◆ Task brief
Copy each line of the listing that includes "Require".

◆ Records supplied

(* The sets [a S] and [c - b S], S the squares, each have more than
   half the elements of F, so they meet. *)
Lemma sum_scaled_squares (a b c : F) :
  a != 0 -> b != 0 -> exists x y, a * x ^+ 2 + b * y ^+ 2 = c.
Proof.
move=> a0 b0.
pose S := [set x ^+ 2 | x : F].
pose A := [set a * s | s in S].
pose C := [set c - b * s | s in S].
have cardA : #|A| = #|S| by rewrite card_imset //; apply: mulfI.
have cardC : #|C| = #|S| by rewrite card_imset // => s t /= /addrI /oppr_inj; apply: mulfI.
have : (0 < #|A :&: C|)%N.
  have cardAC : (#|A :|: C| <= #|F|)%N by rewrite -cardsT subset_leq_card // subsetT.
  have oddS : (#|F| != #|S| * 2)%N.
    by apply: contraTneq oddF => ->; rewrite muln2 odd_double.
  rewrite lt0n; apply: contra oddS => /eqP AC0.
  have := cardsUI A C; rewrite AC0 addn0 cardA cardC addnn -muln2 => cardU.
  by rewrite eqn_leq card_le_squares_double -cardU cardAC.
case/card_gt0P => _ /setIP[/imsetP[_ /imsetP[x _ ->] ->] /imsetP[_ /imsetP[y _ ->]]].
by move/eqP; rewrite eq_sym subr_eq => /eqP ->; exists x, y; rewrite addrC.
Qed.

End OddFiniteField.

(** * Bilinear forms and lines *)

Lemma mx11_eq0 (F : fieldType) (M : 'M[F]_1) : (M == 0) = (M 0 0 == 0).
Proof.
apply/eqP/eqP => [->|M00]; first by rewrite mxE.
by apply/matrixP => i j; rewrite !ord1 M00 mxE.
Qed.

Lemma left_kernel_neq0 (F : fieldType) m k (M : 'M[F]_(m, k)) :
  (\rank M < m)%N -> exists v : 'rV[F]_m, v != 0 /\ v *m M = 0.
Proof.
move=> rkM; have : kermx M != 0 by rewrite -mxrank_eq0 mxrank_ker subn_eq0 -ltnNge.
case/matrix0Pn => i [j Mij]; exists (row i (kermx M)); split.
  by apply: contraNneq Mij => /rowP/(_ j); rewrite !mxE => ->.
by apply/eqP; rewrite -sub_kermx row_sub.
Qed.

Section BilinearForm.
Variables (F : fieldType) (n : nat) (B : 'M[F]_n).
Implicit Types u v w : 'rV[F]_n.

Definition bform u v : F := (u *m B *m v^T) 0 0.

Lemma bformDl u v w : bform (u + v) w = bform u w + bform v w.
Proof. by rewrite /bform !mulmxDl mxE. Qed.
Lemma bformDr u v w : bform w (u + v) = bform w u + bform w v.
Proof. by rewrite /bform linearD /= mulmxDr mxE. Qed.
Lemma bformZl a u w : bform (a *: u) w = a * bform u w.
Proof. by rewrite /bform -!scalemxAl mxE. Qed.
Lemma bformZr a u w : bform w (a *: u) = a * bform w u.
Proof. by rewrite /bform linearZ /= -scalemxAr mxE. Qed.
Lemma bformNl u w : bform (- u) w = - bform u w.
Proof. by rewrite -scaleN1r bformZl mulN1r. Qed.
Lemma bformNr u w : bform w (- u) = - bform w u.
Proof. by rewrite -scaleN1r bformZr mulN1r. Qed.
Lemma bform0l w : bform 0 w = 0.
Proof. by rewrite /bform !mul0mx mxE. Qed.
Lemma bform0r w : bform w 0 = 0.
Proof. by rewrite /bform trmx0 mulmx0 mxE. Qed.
---
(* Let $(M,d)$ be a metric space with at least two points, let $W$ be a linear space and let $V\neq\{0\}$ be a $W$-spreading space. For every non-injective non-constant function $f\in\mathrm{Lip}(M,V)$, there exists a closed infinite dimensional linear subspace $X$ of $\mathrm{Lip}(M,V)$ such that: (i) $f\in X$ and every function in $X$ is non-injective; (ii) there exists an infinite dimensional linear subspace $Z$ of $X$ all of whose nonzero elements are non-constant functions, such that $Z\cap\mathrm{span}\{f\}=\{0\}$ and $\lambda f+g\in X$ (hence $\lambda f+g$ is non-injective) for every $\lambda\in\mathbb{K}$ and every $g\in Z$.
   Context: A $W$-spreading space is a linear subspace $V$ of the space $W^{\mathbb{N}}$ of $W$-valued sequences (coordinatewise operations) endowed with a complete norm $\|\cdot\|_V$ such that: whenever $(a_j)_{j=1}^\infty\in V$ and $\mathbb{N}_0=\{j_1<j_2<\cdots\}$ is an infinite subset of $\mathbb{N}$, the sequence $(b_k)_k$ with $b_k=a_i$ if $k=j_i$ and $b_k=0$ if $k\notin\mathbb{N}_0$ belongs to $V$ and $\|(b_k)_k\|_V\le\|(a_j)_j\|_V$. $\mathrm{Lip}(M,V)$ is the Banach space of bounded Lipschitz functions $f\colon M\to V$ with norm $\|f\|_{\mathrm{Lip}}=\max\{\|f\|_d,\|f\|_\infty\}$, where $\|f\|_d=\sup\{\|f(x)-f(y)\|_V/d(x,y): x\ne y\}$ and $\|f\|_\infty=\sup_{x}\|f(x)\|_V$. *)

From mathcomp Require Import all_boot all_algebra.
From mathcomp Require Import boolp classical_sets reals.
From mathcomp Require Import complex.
...
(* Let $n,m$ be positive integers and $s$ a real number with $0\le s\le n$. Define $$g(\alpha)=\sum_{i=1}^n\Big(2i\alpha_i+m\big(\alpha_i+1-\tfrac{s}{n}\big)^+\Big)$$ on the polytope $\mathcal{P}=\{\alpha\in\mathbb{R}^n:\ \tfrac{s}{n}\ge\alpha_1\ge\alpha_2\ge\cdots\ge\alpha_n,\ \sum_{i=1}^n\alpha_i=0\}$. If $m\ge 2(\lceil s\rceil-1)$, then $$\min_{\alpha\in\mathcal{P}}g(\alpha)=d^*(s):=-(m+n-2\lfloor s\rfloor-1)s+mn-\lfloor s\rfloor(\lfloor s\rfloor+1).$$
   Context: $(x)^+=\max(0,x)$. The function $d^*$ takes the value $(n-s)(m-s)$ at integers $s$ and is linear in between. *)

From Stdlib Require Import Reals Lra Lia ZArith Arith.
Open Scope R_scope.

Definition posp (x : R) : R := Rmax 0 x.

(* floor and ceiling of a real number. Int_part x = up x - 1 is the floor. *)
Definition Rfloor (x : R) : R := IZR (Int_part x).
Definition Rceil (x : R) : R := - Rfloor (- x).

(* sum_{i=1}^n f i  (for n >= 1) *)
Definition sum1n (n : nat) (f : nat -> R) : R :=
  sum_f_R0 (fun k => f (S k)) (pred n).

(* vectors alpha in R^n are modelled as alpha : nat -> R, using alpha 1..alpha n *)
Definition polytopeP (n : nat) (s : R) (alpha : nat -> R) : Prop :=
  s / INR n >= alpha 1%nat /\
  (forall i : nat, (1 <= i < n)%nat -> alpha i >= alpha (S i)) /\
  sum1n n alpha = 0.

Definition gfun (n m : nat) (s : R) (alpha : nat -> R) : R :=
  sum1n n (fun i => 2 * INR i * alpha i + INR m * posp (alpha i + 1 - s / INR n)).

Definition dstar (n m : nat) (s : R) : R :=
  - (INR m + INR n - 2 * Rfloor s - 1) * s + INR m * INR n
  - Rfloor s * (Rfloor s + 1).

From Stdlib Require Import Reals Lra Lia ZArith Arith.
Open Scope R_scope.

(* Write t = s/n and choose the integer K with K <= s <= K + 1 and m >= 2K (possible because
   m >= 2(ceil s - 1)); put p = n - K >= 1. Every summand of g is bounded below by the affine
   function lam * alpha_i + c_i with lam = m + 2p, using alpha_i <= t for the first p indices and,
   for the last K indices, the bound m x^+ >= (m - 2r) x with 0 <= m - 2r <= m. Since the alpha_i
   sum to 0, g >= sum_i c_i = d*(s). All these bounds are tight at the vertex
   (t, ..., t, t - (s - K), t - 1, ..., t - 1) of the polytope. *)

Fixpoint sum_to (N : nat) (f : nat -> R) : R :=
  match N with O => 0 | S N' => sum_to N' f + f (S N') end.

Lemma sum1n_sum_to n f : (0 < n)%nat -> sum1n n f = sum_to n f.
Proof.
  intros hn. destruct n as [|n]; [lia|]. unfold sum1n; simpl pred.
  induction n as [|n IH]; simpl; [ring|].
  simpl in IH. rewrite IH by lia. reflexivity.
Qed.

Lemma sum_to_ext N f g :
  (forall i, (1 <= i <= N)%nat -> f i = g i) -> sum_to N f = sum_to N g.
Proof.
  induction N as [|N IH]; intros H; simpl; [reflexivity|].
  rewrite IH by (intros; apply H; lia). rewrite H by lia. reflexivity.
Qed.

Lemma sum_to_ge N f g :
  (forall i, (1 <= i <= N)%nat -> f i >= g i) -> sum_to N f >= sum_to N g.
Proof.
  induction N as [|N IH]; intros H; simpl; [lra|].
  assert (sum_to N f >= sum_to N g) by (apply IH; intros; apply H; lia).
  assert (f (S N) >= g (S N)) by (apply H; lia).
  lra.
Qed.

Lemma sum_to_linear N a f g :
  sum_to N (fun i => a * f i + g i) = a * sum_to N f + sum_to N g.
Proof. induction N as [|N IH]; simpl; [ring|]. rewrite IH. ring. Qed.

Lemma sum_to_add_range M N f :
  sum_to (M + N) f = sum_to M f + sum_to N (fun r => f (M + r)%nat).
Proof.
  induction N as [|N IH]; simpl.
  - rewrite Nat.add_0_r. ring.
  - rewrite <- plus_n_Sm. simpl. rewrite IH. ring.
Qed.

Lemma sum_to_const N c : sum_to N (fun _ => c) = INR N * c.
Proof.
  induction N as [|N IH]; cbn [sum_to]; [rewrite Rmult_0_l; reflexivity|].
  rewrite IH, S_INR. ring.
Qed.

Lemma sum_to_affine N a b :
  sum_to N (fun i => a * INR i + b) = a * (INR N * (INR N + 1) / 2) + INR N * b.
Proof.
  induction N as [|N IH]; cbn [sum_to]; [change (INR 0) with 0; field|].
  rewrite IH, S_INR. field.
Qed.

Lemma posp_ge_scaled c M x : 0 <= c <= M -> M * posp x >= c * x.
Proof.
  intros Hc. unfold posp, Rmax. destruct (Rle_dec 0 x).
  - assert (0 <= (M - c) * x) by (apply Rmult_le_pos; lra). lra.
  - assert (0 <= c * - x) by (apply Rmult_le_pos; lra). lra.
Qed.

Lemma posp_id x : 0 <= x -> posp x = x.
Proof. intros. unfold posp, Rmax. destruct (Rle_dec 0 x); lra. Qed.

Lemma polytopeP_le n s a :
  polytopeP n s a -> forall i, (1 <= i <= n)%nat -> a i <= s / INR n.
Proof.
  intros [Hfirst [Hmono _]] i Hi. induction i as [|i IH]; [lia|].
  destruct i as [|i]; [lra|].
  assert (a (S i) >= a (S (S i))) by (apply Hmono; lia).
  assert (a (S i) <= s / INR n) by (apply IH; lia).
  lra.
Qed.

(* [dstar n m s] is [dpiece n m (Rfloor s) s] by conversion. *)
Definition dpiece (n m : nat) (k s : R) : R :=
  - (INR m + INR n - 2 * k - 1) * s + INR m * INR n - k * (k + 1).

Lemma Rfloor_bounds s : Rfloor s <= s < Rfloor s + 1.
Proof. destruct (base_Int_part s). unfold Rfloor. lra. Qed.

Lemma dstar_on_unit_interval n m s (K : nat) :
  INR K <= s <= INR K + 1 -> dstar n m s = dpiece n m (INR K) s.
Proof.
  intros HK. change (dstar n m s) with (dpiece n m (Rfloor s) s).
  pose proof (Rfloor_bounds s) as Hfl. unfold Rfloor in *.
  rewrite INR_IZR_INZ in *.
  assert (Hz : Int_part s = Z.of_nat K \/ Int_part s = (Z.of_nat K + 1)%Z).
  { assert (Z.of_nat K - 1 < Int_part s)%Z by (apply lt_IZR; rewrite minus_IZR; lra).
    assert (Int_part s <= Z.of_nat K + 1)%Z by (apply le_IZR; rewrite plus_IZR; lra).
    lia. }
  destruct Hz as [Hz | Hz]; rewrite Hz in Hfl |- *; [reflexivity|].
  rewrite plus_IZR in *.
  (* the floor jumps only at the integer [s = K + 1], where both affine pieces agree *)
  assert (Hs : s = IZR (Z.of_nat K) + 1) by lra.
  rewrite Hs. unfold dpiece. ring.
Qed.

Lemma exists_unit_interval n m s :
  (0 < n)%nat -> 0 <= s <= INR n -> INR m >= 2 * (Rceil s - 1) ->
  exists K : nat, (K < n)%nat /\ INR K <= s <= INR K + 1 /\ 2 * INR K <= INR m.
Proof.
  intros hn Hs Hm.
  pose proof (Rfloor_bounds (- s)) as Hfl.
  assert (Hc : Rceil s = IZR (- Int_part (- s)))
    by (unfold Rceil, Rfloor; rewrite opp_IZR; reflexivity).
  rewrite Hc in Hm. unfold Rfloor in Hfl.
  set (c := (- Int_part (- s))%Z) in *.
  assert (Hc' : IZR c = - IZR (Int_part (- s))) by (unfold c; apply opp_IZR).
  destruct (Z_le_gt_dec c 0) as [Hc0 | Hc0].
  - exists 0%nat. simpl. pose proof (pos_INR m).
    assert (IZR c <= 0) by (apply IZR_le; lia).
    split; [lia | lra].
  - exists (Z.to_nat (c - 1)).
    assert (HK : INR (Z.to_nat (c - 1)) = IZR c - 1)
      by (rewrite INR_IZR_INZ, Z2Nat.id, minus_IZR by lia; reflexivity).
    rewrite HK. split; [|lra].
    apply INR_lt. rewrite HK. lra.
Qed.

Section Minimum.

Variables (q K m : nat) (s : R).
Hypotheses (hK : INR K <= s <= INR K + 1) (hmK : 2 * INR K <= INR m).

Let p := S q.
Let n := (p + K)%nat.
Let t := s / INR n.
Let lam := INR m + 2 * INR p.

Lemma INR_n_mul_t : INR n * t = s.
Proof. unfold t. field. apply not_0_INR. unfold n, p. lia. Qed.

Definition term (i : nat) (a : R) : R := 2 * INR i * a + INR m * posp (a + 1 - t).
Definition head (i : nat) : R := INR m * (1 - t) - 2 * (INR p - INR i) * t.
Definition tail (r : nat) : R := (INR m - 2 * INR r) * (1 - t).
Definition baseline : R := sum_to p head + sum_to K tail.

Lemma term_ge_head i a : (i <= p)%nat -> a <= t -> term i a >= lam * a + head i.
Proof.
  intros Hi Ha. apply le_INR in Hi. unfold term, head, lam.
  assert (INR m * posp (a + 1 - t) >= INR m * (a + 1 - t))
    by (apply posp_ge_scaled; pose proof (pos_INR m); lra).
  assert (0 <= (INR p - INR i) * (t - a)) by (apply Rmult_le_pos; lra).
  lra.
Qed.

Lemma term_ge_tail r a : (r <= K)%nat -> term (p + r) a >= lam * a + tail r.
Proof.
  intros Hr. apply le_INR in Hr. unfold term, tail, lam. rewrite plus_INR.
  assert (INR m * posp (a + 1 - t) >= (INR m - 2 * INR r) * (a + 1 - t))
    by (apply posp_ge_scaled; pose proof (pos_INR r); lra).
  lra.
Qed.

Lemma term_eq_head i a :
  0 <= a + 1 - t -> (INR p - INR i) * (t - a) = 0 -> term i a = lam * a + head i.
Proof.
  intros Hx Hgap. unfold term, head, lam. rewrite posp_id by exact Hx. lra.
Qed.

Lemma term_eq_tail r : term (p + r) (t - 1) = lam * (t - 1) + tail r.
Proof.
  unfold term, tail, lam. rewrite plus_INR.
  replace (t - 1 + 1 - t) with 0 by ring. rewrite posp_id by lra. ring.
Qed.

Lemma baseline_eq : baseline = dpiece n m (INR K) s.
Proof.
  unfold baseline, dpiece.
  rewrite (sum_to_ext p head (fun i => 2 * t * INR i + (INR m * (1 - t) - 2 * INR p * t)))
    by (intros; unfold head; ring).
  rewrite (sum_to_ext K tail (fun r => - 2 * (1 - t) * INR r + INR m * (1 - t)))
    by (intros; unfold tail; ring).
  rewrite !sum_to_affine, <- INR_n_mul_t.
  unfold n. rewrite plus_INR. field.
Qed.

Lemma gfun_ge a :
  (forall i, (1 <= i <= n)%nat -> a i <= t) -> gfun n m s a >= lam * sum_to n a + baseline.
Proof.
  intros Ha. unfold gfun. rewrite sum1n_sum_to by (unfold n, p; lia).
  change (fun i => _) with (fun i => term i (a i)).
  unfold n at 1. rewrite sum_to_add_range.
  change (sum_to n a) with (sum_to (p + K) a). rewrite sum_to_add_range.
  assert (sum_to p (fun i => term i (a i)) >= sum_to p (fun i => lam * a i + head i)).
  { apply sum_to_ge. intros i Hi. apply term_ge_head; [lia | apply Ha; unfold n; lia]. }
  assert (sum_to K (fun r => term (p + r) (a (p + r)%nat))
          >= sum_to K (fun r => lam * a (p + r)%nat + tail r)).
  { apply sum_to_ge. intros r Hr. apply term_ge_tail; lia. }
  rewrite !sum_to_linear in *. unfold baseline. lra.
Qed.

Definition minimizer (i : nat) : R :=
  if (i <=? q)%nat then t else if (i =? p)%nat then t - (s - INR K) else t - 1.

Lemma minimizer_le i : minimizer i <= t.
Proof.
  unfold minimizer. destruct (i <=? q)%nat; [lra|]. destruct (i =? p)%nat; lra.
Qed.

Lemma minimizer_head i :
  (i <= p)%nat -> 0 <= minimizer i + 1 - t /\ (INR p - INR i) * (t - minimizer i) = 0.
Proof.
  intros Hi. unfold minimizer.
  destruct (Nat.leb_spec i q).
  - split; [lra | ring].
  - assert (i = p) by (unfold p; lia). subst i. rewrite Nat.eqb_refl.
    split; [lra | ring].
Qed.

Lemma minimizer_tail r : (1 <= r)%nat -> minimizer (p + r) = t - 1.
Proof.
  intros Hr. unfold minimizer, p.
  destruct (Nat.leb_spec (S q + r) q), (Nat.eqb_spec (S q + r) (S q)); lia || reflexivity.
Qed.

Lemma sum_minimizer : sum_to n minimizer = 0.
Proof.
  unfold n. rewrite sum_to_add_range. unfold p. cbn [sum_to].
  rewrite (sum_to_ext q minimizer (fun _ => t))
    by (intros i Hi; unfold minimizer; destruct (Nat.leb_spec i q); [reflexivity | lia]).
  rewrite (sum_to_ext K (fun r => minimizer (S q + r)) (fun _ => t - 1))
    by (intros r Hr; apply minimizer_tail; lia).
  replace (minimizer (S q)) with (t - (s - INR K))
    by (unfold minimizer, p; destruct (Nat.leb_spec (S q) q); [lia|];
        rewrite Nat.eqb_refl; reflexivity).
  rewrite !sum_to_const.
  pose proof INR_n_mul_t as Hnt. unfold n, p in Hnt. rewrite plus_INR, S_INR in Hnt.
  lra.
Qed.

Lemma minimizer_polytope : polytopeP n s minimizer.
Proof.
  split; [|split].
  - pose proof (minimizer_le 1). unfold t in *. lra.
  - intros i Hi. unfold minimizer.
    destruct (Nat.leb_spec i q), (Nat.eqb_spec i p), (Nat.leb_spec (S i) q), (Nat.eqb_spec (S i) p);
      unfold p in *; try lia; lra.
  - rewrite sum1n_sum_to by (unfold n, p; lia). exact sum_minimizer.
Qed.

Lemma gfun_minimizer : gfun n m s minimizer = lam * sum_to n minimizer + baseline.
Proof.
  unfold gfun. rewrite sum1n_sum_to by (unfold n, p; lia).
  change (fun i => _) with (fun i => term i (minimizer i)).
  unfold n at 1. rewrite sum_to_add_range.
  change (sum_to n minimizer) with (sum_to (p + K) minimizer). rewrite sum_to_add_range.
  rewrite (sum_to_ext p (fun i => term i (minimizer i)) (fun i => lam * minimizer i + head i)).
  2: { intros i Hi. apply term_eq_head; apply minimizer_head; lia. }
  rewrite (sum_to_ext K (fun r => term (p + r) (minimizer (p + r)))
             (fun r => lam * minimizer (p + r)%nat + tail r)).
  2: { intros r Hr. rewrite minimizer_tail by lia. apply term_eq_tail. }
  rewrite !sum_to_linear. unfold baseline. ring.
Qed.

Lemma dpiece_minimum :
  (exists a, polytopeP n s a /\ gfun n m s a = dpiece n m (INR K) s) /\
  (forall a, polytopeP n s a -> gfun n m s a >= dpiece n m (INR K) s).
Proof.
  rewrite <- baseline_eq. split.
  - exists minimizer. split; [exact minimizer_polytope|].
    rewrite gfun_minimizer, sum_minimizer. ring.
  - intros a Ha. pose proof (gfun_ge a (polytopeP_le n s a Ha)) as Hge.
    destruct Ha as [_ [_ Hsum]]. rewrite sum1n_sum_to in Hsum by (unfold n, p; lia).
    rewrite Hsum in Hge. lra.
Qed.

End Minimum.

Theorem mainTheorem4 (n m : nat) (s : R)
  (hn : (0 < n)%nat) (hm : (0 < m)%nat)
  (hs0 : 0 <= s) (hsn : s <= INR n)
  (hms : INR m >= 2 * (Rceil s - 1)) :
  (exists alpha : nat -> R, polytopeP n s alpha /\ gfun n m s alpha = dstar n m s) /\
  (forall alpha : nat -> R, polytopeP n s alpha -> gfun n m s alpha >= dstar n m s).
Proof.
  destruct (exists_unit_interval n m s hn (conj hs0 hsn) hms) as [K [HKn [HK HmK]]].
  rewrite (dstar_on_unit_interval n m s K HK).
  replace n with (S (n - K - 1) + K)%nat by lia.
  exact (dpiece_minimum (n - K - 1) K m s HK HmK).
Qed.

◆ Answer section
From mathcomp Require Import all_boot all_algebra.
From mathcomp Require Import boolp classical_sets reals.
From mathcomp Require Import complex.
From Stdlib Require Import Reals Lra Lia ZArith Arith.
From Stdlib Require Import Reals Lra Lia ZArith Arith.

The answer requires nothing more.